Every night I use Pond's cold cream to cleanse my skin. I follow the cleansing with moisturizer before applying eye cream and Retin-A. As you may know by now, I use Retin-A every night and swear by it. I'm convinced it will be my secret to looking 60 when I'm really 70. I follow all of this with 2 fish-oil pills, a Vitamin D3 pill and a baby aspirin. Sometimes I may use a microdermabrasion scrub or a hydrating mask.
In the morning, I use a washcloth dipped in organic coconut oil to wash off the dry skin flakes that sometimes come from Retin-A when you take a break from it and start up again. I follow that (sometimes) with Vitamin C cream (people are obsessed with antioxidants, so I had to jump on the bandwagon). My last skincare step is to slather on La-Roche Posay's SPF 60 tinted sunscreen.
After all of this, it's amazing I find the time to floss.
Dermatologists are always touting retinoids, antioxidants AND microdermabrasion, but if one is on a prescription-strength retinoid (like my Retin-A or Renova or Retin-A Micro), should she also be subjecting her skin daily to a Vitamin C cream and twice a month to a scrub? I was wondering how much is too much, so I turned to Maryann Mikhail, a dermatologist at Manhattan's Spring Street Dermatology with that exact question.
"I completely agree that dermatologists recommend too much," Mikhail said.
According to Mikhail, prescription strength retinoids are the only creams and gels proven in medical literature to reduce the appearance of fine lines over time.

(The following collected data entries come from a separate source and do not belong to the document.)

Lemma derive_line_cst f v p :
  (forall h : R, f (p + h *: v) = f p) -> 'D_v f p = 0.
Proof. by move=> fc; apply: derive_line_affine => h; rewrite fc mul0r addr0. Qed.

Lemma derive_eq0 f v p : (forall q, f q = 0) -> 'D_v f p = 0.
Proof. by move=> f0; apply: derive_line_cst => h; rewrite !f0. Qed.

Lemma derive_proportional f g v p (c : R) : derivable g p v ->
  (forall h : R, f (p + h *: v) - c * g (p + h *: v) = f p - c * g p) ->
  'D_v f p = c * 'D_v g p.
Proof.
move=> dg fg.
suff [-> _] : 'D_v f p = 'D_v (c *: g) p /\
              (derivable f p v <-> derivable (c *: g) p v) by rewrite deriveZ.
apply: eq_derive_diffquot => h /=; rewrite (addrC _ p).
change (f (p + h *: v) - f p = c * g (p + h *: v) - c * g p).
have := fg h; lra.
Qed.

Lemma derive_along_line f v p (s : R) :
  'D_1 (fun s : R => f (p + s *: v)) s = 'D_v f (p + s *: v) /\
  (derivable (fun s : R => f (p + s *: v)) s 1 <-> derivable f (p + s *: v) v).
Proof.
apply: eq_derive_diffquot => h /=.
by rewrite [h *: 1]mulr1 scalerDl addrCA addrA.
Qed.

Lemma line_affine f v p (c : R) :
  (forall s : R, derivable f (p + s *: v) v) ->
  (forall s : R, 'D_v f (p + s *: v) = c) ->
  forall s : R, f (p + s *: v) = f p + c * s.
Proof.
move=> df fc s.
pose l := fun s : R => f (p + s *: v).
have l'c x : is_derive x (1 : R) (l - c *: id) 0.
  have [l'E dl] := derive_along_line f v p x.
  have : is_derive x 1 l c by rewrite -(fc x) -l'E; apply/derivableP/dl.
  by move=> ?; apply: is_derive_eq; rewrite [c *: 1]mulr1 subrr.
have : l s - c * s = l 0 - c * 0 by exact: is_derive_0_is_cst s 0 l'c.
by rewrite /l scale0r addr0 mulr0 subr0 => <-; ring.
Qed.

Lemma line_mvt f v p (h : R) :
  (forall s : R, derivable f (p + s *: v) v) ->
  exists2 t : R, `|t| <= `|h| & f (p + h *: v) - f p = 'D_v f (p + t *: v) * h.
Proof.
move=> df; pose l := fun s : R => f (p + s *: v).
have l' x : is_derive x (1 : R) l ('D_v f (p + x *: v)).
  have [l'E dl] := derive_along_line f v p x.
  by rewrite -l'E; apply/derivableP/dl.
have lc x y : {within `[x, y], continuous l}.
  apply/continuous_subspaceT => s; apply/differentiable_continuous/derivable1_diffP.
  exact/(derive_along_line f v p s).2.
have [h0|h0] := leP 0 h.
  have [t] := MVT_segment h0 (fun x _ => l' x) (lc 0 h).
  rewrite in_itv /= /l scale0r addr0 subr0 => /andP[t0 th] fE.
  by exists t; rewrite ?ger0_norm // (le_trans t0 th).
have [t] := MVT_segment (ltW h0) (fun x _ => l' x) (lc h 0).
rewrite in_itv /= /l scale0r addr0 => /andP[ht t0] fE.
by exists t; [rewrite ler0_norm // ltr0_norm //; lra | lra].
Qed.
(* Let $k$ be an algebraically closed field of characteristic $0$, let $G,G'$ be finite groups, and $J$, $J'$ twists for $k[G]$, $k[G']$ respectively. Suppose that the triangular Hopf algebras $(k[G]^J,J_{21}^{-1}J)$ and $(k[G']^{J'},J'^{-1}_{21}J')$ are isomorphic. Then there exists a group isomorphism $\phi:G\to G'$ such that $(\phi\otimes\phi)(J)$ is gauge equivalent to $J'$.
   Context: A twist for a Hopf algebra $A$ is an invertible $J\in A\otimes A$ with $(\Delta\otimes\mathrm{id})(J)(J\otimes 1)=(\mathrm{id}\otimes\Delta)(J)(1\otimes J)$ and $(\varepsilon\otimes\mathrm{id})(J)=(\mathrm{id}\otimes\varepsilon)(J)=1$. $A^J$ is the Hopf algebra with the same algebra and counit, coproduct $\Delta^J(x)=J^{-1}\Delta(x)J$ and antipode $S^J(x)=Q^{-1}S(x)Q$, $Q=m\circ(S\otimes\mathrm{id})(J)$; $(k[G]^J,J_{21}^{-1}J)$ is triangular, $J_{21}=\tau(J)$. An isomorphism of triangular Hopf algebras $(A,R)\to(A',R')$ is a Hopf algebra isomorphism $f$ with $(f\otimes f)(R)=R'$. Twists $J_1,J_2$ are gauge equivalent if $J_2=\Delta(x)J_1(x^{-1}\otimes x^{-1})$ for some invertible $x$ with $\varepsilon(x)=1$. *)

From mathcomp Require Import all_boot all_algebra all_fingroup.
Set Implicit Arguments. Unset Strict Implicit. Unset Printing Implicit Defensive.
Import GRing.Theory.
Local Open Scope ring_scope.

(* Group algebra k[T] (T finite, with a multiplication m and unit e),
   represented by coefficient functions: a = \sum_g a g * g. *)
Section Conv.
Variables (k : fieldType) (T : finType) (m : T -> T -> T) (e : T).
Definition conv (a b : {ffun T -> k}) : {ffun T -> k} :=
  [ffun g => \sum_(x : T) \sum_(y : T) if m x y == g then a x * b y else 0].
Definition unitf : {ffun T -> k} := [ffun g => (g == e)%:R].
Definition is_inv (a ai : {ffun T -> k}) :=
  conv a ai = unitf /\ conv ai a = unitf.
End Conv.

Section GroupAlg.
Variables (k : fieldType) (gT : finGroupType).
Definition mul2 (x y : gT * gT) : gT * gT := ((x.1 * y.1)%g, (x.2 * y.2)%g).
Definition mul3 (x y : gT * gT * gT) : gT * gT * gT :=
  (((x.1.1 * y.1.1)%g, (x.1.2 * y.1.2)%g), (x.2 * y.2)%g).

Definition gmul := @conv k gT (fun x y => (x * y)%g).
Definition g1 : {ffun gT -> k} := unitf k 1%g.
Definition gmul2 := @conv k _ mul2.
Definition g1_2 : {ffun gT * gT -> k} := unitf k (1%g, 1%g).
Definition gmul3 := @conv k _ mul3.

Definition Delta (a : {ffun gT -> k}) : {ffun gT * gT -> k} :=
  [ffun p => if p.1 == p.2 then a p.1 else 0].
Definition eps (a : {ffun gT -> k}) : k := \sum_g a g.
Definition antipode (a : {ffun gT -> k}) : {ffun gT -> k} := [ffun g => a (g^-1)%g].
Definition tens (a b : {ffun gT -> k}) : {ffun gT * gT -> k} :=
  [ffun p => a p.1 * b p.2].
Definition flip (J : {ffun gT * gT -> k}) : {ffun gT * gT -> k} :=
  [ffun p => J (p.2, p.1)].

(* (Delta ⊗ id)(J), (id ⊗ Delta)(J), J ⊗ 1, 1 ⊗ J *)
Definition Delta_id (J : {ffun gT * gT -> k}) : {ffun gT * gT * gT -> k} :=
  [ffun p => if p.1.1 == p.1.2 then J (p.1.1, p.2) else 0].
Definition id_Delta (J : {ffun gT * gT -> k}) : {ffun gT * gT * gT -> k} :=
  [ffun p => if p.1.2 == p.2 then J (p.1.1, p.1.2) else 0].
Definition tens_1 (J : {ffun gT * gT -> k}) : {ffun gT * gT * gT -> k} :=
  [ffun p => if p.2 == 1%g then J (p.1.1, p.1.2) else 0].
Definition one_tens (J : {ffun gT * gT -> k}) : {ffun gT * gT * gT -> k} :=
  [ffun p => if p.1.1 == 1%g then J (p.1.2, p.2) else 0].
Definition eps_id (J : {ffun gT * gT -> k}) : {ffun gT -> k} :=
  [ffun h => \sum_g J (g, h)].
Definition id_eps (J : {ffun gT * gT -> k}) : {ffun gT -> k} :=
  [ffun g => \sum_h J (g, h)].

Definition is_twist (J : {ffun gT * gT -> k}) : Prop :=
  (exists Ji, is_inv mul2 (1%g, 1%g) J Ji) /\
  gmul3 (Delta_id J) (tens_1 J) = gmul3 (id_Delta J) (one_tens J) /\
  eps_id J = g1 /\ id_eps J = g1.

(* Twisted coproduct Delta^J(x) = J^{-1} Delta(x) J, with Ji the inverse of J *)
Definition DeltaJ (J Ji : {ffun gT * gT -> k}) (a : {ffun gT -> k}) :=
  gmul2 (gmul2 Ji (Delta a)) J.
(* Q = m o (S ⊗ id)(J) *)
Definition Qof (J : {ffun gT * gT -> k}) : {ffun gT -> k} :=
  [ffun g => \sum_(p : gT * gT | ((p.1)^-1 * p.2)%g == g) J p].
(* twisted antipode S^J(x) = Q^{-1} S(x) Q, with Qi the inverse of Q *)
Definition SJ (Q Qi : {ffun gT -> k}) (a : {ffun gT -> k}) :=
  gmul (gmul Qi (antipode a)) Q.
(* R-matrix J_21^{-1} J ; (J_21)^{-1} = (J^{-1})_21 *)
Definition Rmat (J Ji : {ffun gT * gT -> k}) := gmul2 (flip Ji) J.
End GroupAlg.
Lemma double_eq_opp (s : A) :
  s != 0 -> s + s != 0 -> s + s \in [set 0; s; -s] -> s + s = - s.
Proof.
move=> s0 ss; rewrite in_set3 (negbTE ss) /= => /orP[/eqP/double_eq_self s0'|/eqP //].
by rewrite s0' eqxx in s0.
Qed.

Theorem has_total_perfect_codeP :
  has_total_perfect_code H <-> exists s, admissible_generator s.
Proof.
split=> [[C codeC]|[s [s0 HE [[ss nh]|[ss dbl]]]]].
- have [s [Cs Hs s0 C0]] := code_meets_subgroup sgH codeC.
  have HE := code_subgroup_eq sgH codeC Cs Hs s0 C0.
  exists s; split=> //; have [ss|ss] := eqVneq (s + s) 0; [left|right]; split=> //.
    by move=> a; exact (code_involution_undoubled codeC HE ss).
  exact (code_doubles_in_subgroup sgH codeC HE ss).
- by exists [set: A]; apply: code_of_undoubled_involution HE ss nh.
- exists [set x | x + x \in [set 0; s]]; apply: code_of_order3 => //.
  by apply: double_eq_opp; rewrite // -HE.
Qed.

End Characterization.

Lemma all2_ltnP (c ms : seq nat) : size c = size ms ->
  reflect (forall i, (i < size ms)%N -> (nth 0 c i < nth 0 ms i)%N)
          (all2 (fun ci mi => ci < mi)%N c ms).
Proof.
move=> sc; rewrite all2E sc eqxx /=.
apply: (iffP (all_nthP (0, 0)%N)); rewrite size_zip sc minnn => lt i /lt.
  by rewrite nth_zip.
by rewrite nth_zip.
Qed.

Section Coordinates.
Variables (A : finZmodType) (ms : seq nat) (g : seq A) (Q : {set A}).

Definition coord_sum (c : seq nat) (q : A) : A :=
  \sum_(i < size ms) nth 0 g i *+ nth 0%N c i + q.

Lemma coord_repE x c q : coord_rep ms g Q x c q =
  [&& size c == size ms, all2 (fun ci mi => ci < mi)%N c ms, q \in Q & x == coord_sum c q].
Proof. by []. Qed.

Lemma coord_rep_sum x c q : coord_rep ms g Q x c q -> x = coord_sum c q.
Proof. by case/and4P=> _ _ _ /eqP. Qed.

Lemma coord_rep_mem x c q : coord_rep ms g Q x c q -> q \in Q.
Proof. by case/and4P. Qed.

Hypothesis decQ : decomp ms g Q.

Lemma decomp_subgroup : is_subgroup Q. Proof. by case: decQ. Qed.

Lemma decomp_order i : (i < size ms)%N -> nth 0 g i *+ nth 0%N ms i = 0.
Proof. by case: decQ => _ _ + _; apply. Qed.

Lemma decomp_coord_exists x : exists c q, coord_rep ms g Q x c q.
Proof. by case: decQ => _ _ _ /(_ x) [[c q] [rep _]]; exists c, q. Qed.

Lemma decomp_coord_unique x c q c' q' :
  coord_rep ms g Q x c q -> coord_rep ms g Q x c' q' -> c = c' /\ q = q'.
Proof.
case: decQ => _ _ _ /(_ x) [cq [_ uniq_cq]] rep rep'.
by have := uniq_cq (c, q) rep; rewrite (uniq_cq (c', q') rep') => -[-> ->].
Qed.

Lemma decomp_moduli_gt0 i : (i < size ms)%N -> (0 < nth 0%N ms i)%N.
Proof.
have [c [q /and4P[/eqP sc /all2_ltnP lt _ _]]] := decomp_coord_exists 0.
by move=> i_lt; apply: leq_ltn_trans (lt sc i i_lt).
Qed.

Lemma coord_rep0 : coord_rep ms g Q 0 (nseq (size ms) 0%N) 0.
Proof.
rewrite coord_repE size_nseq eqxx (subgroup0 decomp_subgroup) /=.
apply/andP; split.
  by apply/all2_ltnP => [|i i_lt]; rewrite ?size_nseq // nth_nseq i_lt decomp_moduli_gt0.
by rewrite /coord_sum addr0 big1 // => i _; rewrite nth_nseq if_same mulr0n.
Qed.

Lemma coord_rep_double x c q : coord_rep ms g Q x c q ->
  coord_rep ms g Q (x + x) (mkseq (fun i => (nth 0 c i * 2) %% nth 0 ms i)%N (size ms)) (q + q).
Proof.
case/and4P=> _ _ Qq /eqP->; rewrite coord_repE size_mkseq eqxx.
rewrite subgroupD ?decomp_subgroup //=; apply/andP; split.
  apply/all2_ltnP => [|i i_lt]; rewrite ?size_mkseq //.
  by rewrite nth_mkseq // ltn_pmod ?decomp_moduli_gt0.
rewrite /coord_sum addrACA -big_split /=; apply/eqP; congr (_ + _).
apply: eq_bigr => i _; rewrite nth_mkseq // -mulrnDr addnn -muln2.
rewrite {1}(divn_eq (nth 0 c i * 2) (nth 0 ms i)) mulrnDr mulnC mulrnA.
by rewrite decomp_order // mul0rn add0r.
Qed.

End Coordinates.

Section CoordinateFacts.
Variables (A : finZmodType) (ms : seq nat) (g : seq A) (Q : {set A}).
Hypothesis decQ : decomp ms g Q.

Lemma coord_rep_eq0 x c q : coord_rep ms g Q x c q ->
  (x == 0) = (c == nseq (size ms) 0%N) && (q == 0).
Proof.
move=> rep; apply/eqP/andP => [x0|[/eqP c0 /eqP q0]].
  by rewrite x0 in rep; have [-> ->] := decomp_coord_unique decQ rep (coord_rep0 decQ).
by have /and4P[_ _ _ /eqP->] := coord_rep0 decQ; case/and4P: rep => _ _ _ /eqP->; rewrite c0 q0.
Qed.

Lemma coord_sum_supp1 c q i : (i < size ms)%N ->
    (forall j, (j < size ms)%N -> j != i -> nth 0%N c j = 0%N) ->
  coord_sum ms g c q = nth 0 g i *+ nth 0%N c i + q.
Proof.
move=> i_lt c0; rewrite /coord_sum (bigD1 (Ordinal i_lt)) //= big1 ?addr0 // => j ji.
by rewrite c0 ?mulr0n.
Qed.

Lemma not_double_of_Z2_coord x c q i :
    coord_rep ms g Q x c q -> (i < size ms)%N -> nth 0%N ms i = 2%N ->
    nth 0%N c i = 1%N ->
  forall a, a + a <> x.
Proof.
move=> rep i_lt mi ci a aa; have [c' [q' rep']] := decomp_coord_exists decQ a.
have := coord_rep_double decQ rep'; rewrite aa => /(decomp_coord_unique decQ rep)[cE _].
by move: ci; rewrite cE nth_mkseq // mi modnMl.
Qed.

End CoordinateFacts.

Section TwoPrimaryModuli.
Variables (n : nat) (ks : seq nat).
Local Open Scope nat_scope.
Hypothesis ks_ge2 : all (fun k => 2 <= k) ks.

Lemma size_two_moduli : size (nseq n 2 ++ [seq 2 ^ k | k <- ks]) = (n + size ks).
Proof. by rewrite size_cat size_nseq size_map. Qed.

Lemma nth_two_moduli i : (i < n + size ks) ->
  nth 0 (nseq n 2 ++ [seq 2 ^ k | k <- ks]) i = (if i < n then 2 else 2 ^ nth 0 ks (i - n)).
Proof.
move=> i_lt; rewrite nth_cat size_nseq nth_nseq; case: ltnP => // ni.
by rewrite (nth_map 0) // -(ltn_add2l n) subnKC.
Qed.

Lemma high_index i : n <= i -> i < n + size ks -> exists2 j, j < size ks & i = n + j.
Proof. by move=> n_i i_lt; exists (i - n); rewrite ?subnKC // -(ltn_add2l n) subnKC. Qed.

Lemma two_moduli_ge2 j : (j < size ks) -> (2 <= nth 0 ks j).
Proof. by move=> j_lt; apply: (all_nthP 0 ks_ge2). Qed.

Definition case2_coords (xs zs : seq bool) : seq nat :=
  mkseq (fun i => if (i < n) then nat_of_bool (nth false xs i)
                  else (nth false zs (i - n) * 2 ^ (nth 0 ks (i - n)).-1)) (n + size ks).

Variables xs zs : seq bool.

Lemma size_case2_coords : size (case2_coords xs zs) = n + size ks.
Proof. exact: size_mkseq. Qed.

Lemma nth_case2_coords_high j : j < size ks ->
  nth 0 (case2_coords xs zs) (n + j) = nth false zs j * 2 ^ (nth 0 ks j).-1.
Proof. by move=> j_lt; rewrite nth_mkseq ?ltn_add2l // ltnNge leq_addr addKn. Qed.

Lemma case2_coords_lt :
  all2 (fun ci mi => ci < mi) (case2_coords xs zs) (nseq n 2 ++ [seq 2 ^ k | k <- ks]).
Proof.
apply/all2_ltnP => [|i]; rewrite size_two_moduli ?size_case2_coords // => i_lt.
rewrite nth_two_moduli //; case: (ltnP i n) => [i_n|n_i].
  by rewrite /case2_coords nth_mkseq // i_n; case: nth.
have [j j_lt iE] := high_index n_i i_lt; rewrite iE addKn nth_case2_coords_high //.
have := two_moduli_ge2 j_lt; case: (nth 0 ks j) => [|k] // k_gt0.
by case: nth; rewrite ?mul0n ?expn_gt0 // mul1n ltn_exp2l.
Qed.

Lemma case2_coords_double i : i < n + size ks ->
  (nth 0 (case2_coords xs zs) i * 2) %% nth 0 (nseq n 2 ++ [seq 2 ^ k | k <- ks]) i = 0.
Proof.
move=> i_lt; rewrite nth_two_moduli //; case: (ltnP i n) => [i_n|n_i].
  by rewrite /case2_coords nth_mkseq // i_n modnMl.
have [j j_lt iE] := high_index n_i i_lt; rewrite iE addKn nth_case2_coords_high //.
by have := two_moduli_ge2 j_lt; case: (nth 0 ks j) => [|k] // _; rewrite -mulnA -expnSr modnMl.
Qed.
(* Let $q\ge1$, let $n\ge1$ be an integer, $N=\dim\Pi_n^q$, let $\mathcal C$ be a finite set of points on $\mathbb S^q$ and $\nu$ a measure supported on $\mathcal C$ with $v_\xi:=\nu(\{\xi\})>0$, $\xi\in\mathcal C$. (a) If the Gram matrix $G_N$ is positive definite, then the weights $w^{LSQ}_\xi$ are solutions of the extremal problem: minimize $\sum_{\xi\in\mathcal C}w_\xi^2/v_\xi$ over real $(w_\xi)_{\xi\in\mathcal C}$ subject to $\sum_{\xi\in\mathcal C}w_\xi y_\ell(\xi)=\delta_{1,\ell}$ for $\ell=1,\dots,N$. (b) Suppose there are constants $c_1,c_2>0$ with $$c_1\|P\|_p\le\Big\{\sum_{\xi\in\mathcal C}v_\xi|P(\xi)|^p\Big\}^{1/p}\le c_2\|P\|_p,\qquad P\in\Pi_n^q,\ 1\le p\le\infty$$ (for $p=\infty$ the middle term means $\max_{\xi\in\mathcal C}|P(\xi)|$). Then there exist real numbers $W_\xi$, $\xi\in\mathcal C$, such that $|W_\xi|\le c\,v_\xi$ for $\xi\in\mathcal C$, with a constant $c$ depending only on $c_1$, and $\sum_{\xi\in\mathcal C}W_\xi P(\xi)=\int P\,d\mu_q$ for all $P\in\Pi_n^q$.
   Context: $\mathbb S^q$ is the unit sphere in $\mathbb R^{q+1}$, $\mu_q$ its surface measure normalized to total mass $1$, $\|\cdot\|_p$ the $L^p(\mu_q)$ norm. $\Pi_n^q$ is the space of spherical polynomials of degree at most $n$. Let $y_1,\dots,y_N$ be an orthonormal basis of $\Pi_n^q$ with respect to $\mu_q$ consisting of orthonormal spherical harmonics, ordered with $y_1\equiv1$ and lower degrees first. The Gram matrix is $(G_N)_{\ell,k}=\sum_{\xi\in\mathcal C}v_\xi y_\ell(\xi)y_k(\xi)$. The least-squares weights are $w^{LSQ}_\xi:=v_\xi\sum_{k=1}^N(G_N^{-1})_{1,k}y_k(\xi)$. *)

From mathcomp Require Import all_boot all_order all_algebra.
From mathcomp Require Import all_classical all_reals all_analysis.
Set Implicit Arguments. Unset Strict Implicit. Unset Printing Implicit Defensive.
Import Order.TTheory GRing.Theory Num.Theory.
Local Open Scope ring_scope.

Section SphereDefs.
Variable R : realType.

Definition enorm (m : nat) (x : 'rV[R]_m) : R := Num.sqrt (\sum_i x ord0 i ^+ 2).

Definition on_sphere (q : nat) (x : 'rV[R]_q.+1) : Prop := enorm x = 1.

(* iint k f = \int dx_1 ... \int dx_k f [:: x_1; ...; x_k]  (Tonelli: this is the
   Lebesgue integral on R^k for nonnegative measurable f) *)
Fixpoint iint (k : nat) (f : seq R -> \bar R) : \bar R :=
  match k with
  | 0 => f [::]
  | k'.+1 => (\int[@lebesgue_measure R]_x iint k' (fun s => f (x :: s)))%E
  end.

Definition vec_of (k : nat) (s : seq R) : 'rV[R]_k := \row_i nth 0 s i.

Definition volint (k : nat) (f : 'rV[R]_k -> \bar R) : \bar R :=
  iint k (fun s => f (vec_of k s)).

(* \int g d mu_q = vol({ r x : 0 < r <= 1, x in S^q } weighted by g) / vol(unit ball) *)
Definition ball_ind (q : nat) (x : 'rV[R]_q.+1) : \bar R :=
  if enorm x <= 1 then 1%E else 0%E.

Definition cone_ext (q : nat) (g : 'rV[R]_q.+1 -> \bar R) (x : 'rV[R]_q.+1) : \bar R :=
  if (0 < enorm x) && (enorm x <= 1) then g ((enorm x)^-1 *: x) else 0%E.

Definition sph_int_nn (q : nat) (g : 'rV[R]_q.+1 -> \bar R) : \bar R :=
  (volint (cone_ext g) * ((fine (volint (@ball_ind q)))^-1)%:E)%E.

Definition sph_int (q : nat) (f : 'rV[R]_q.+1 -> R) : R :=
  fine (sph_int_nn (fun x => (Num.max (f x) 0)%:E))
  - fine (sph_int_nn (fun x => (Num.max (- f x) 0)%:E)).

Definition sph_esssup (q : nat) (f : 'rV[R]_q.+1 -> R) : R :=
  inf [set M : R | 0 <= M /\
         sph_int_nn (fun x => if M < `|f x| then 1%E else 0%E) = 0%E].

They are are great for decreasing pore size, preventing blackheads and whiteheads and stimulating cell turnover.
Since I'm on Retin-A, I'm may be susceptible and sensitive to other products which may cause redness, irritation and even burns, Mikhail said. She recommends gentle cleansers and moisturizers to her patients on retinoids and suggests Cetaphil, Purpose and Aveeno products.
So if I'm using a gentle cleanser and moisturizer, which I am, do I need an at-home microdermabrasion kit too? in fact, who needs microdermabrasion?
"I never recommend microdermabrasion unless a patient has superficial scarring or discoloration," says Mikhail.
So what about antioxidants? Mikhail says she occasionally recommends antioxidant sunscreens for her sun-worshipping patients. She says she does this, "based on the theory that the antioxidant might offset some of the free radical damage caused by the ultraviolet light."
So there you have it. Few people really need microdermabrasion or antioxidants. If you stick to a basic cleanser, moisturizer and anti-aging cream (love you, Retin-A), you're good to go. Now I wonder what Mikhail thinks about eye cream?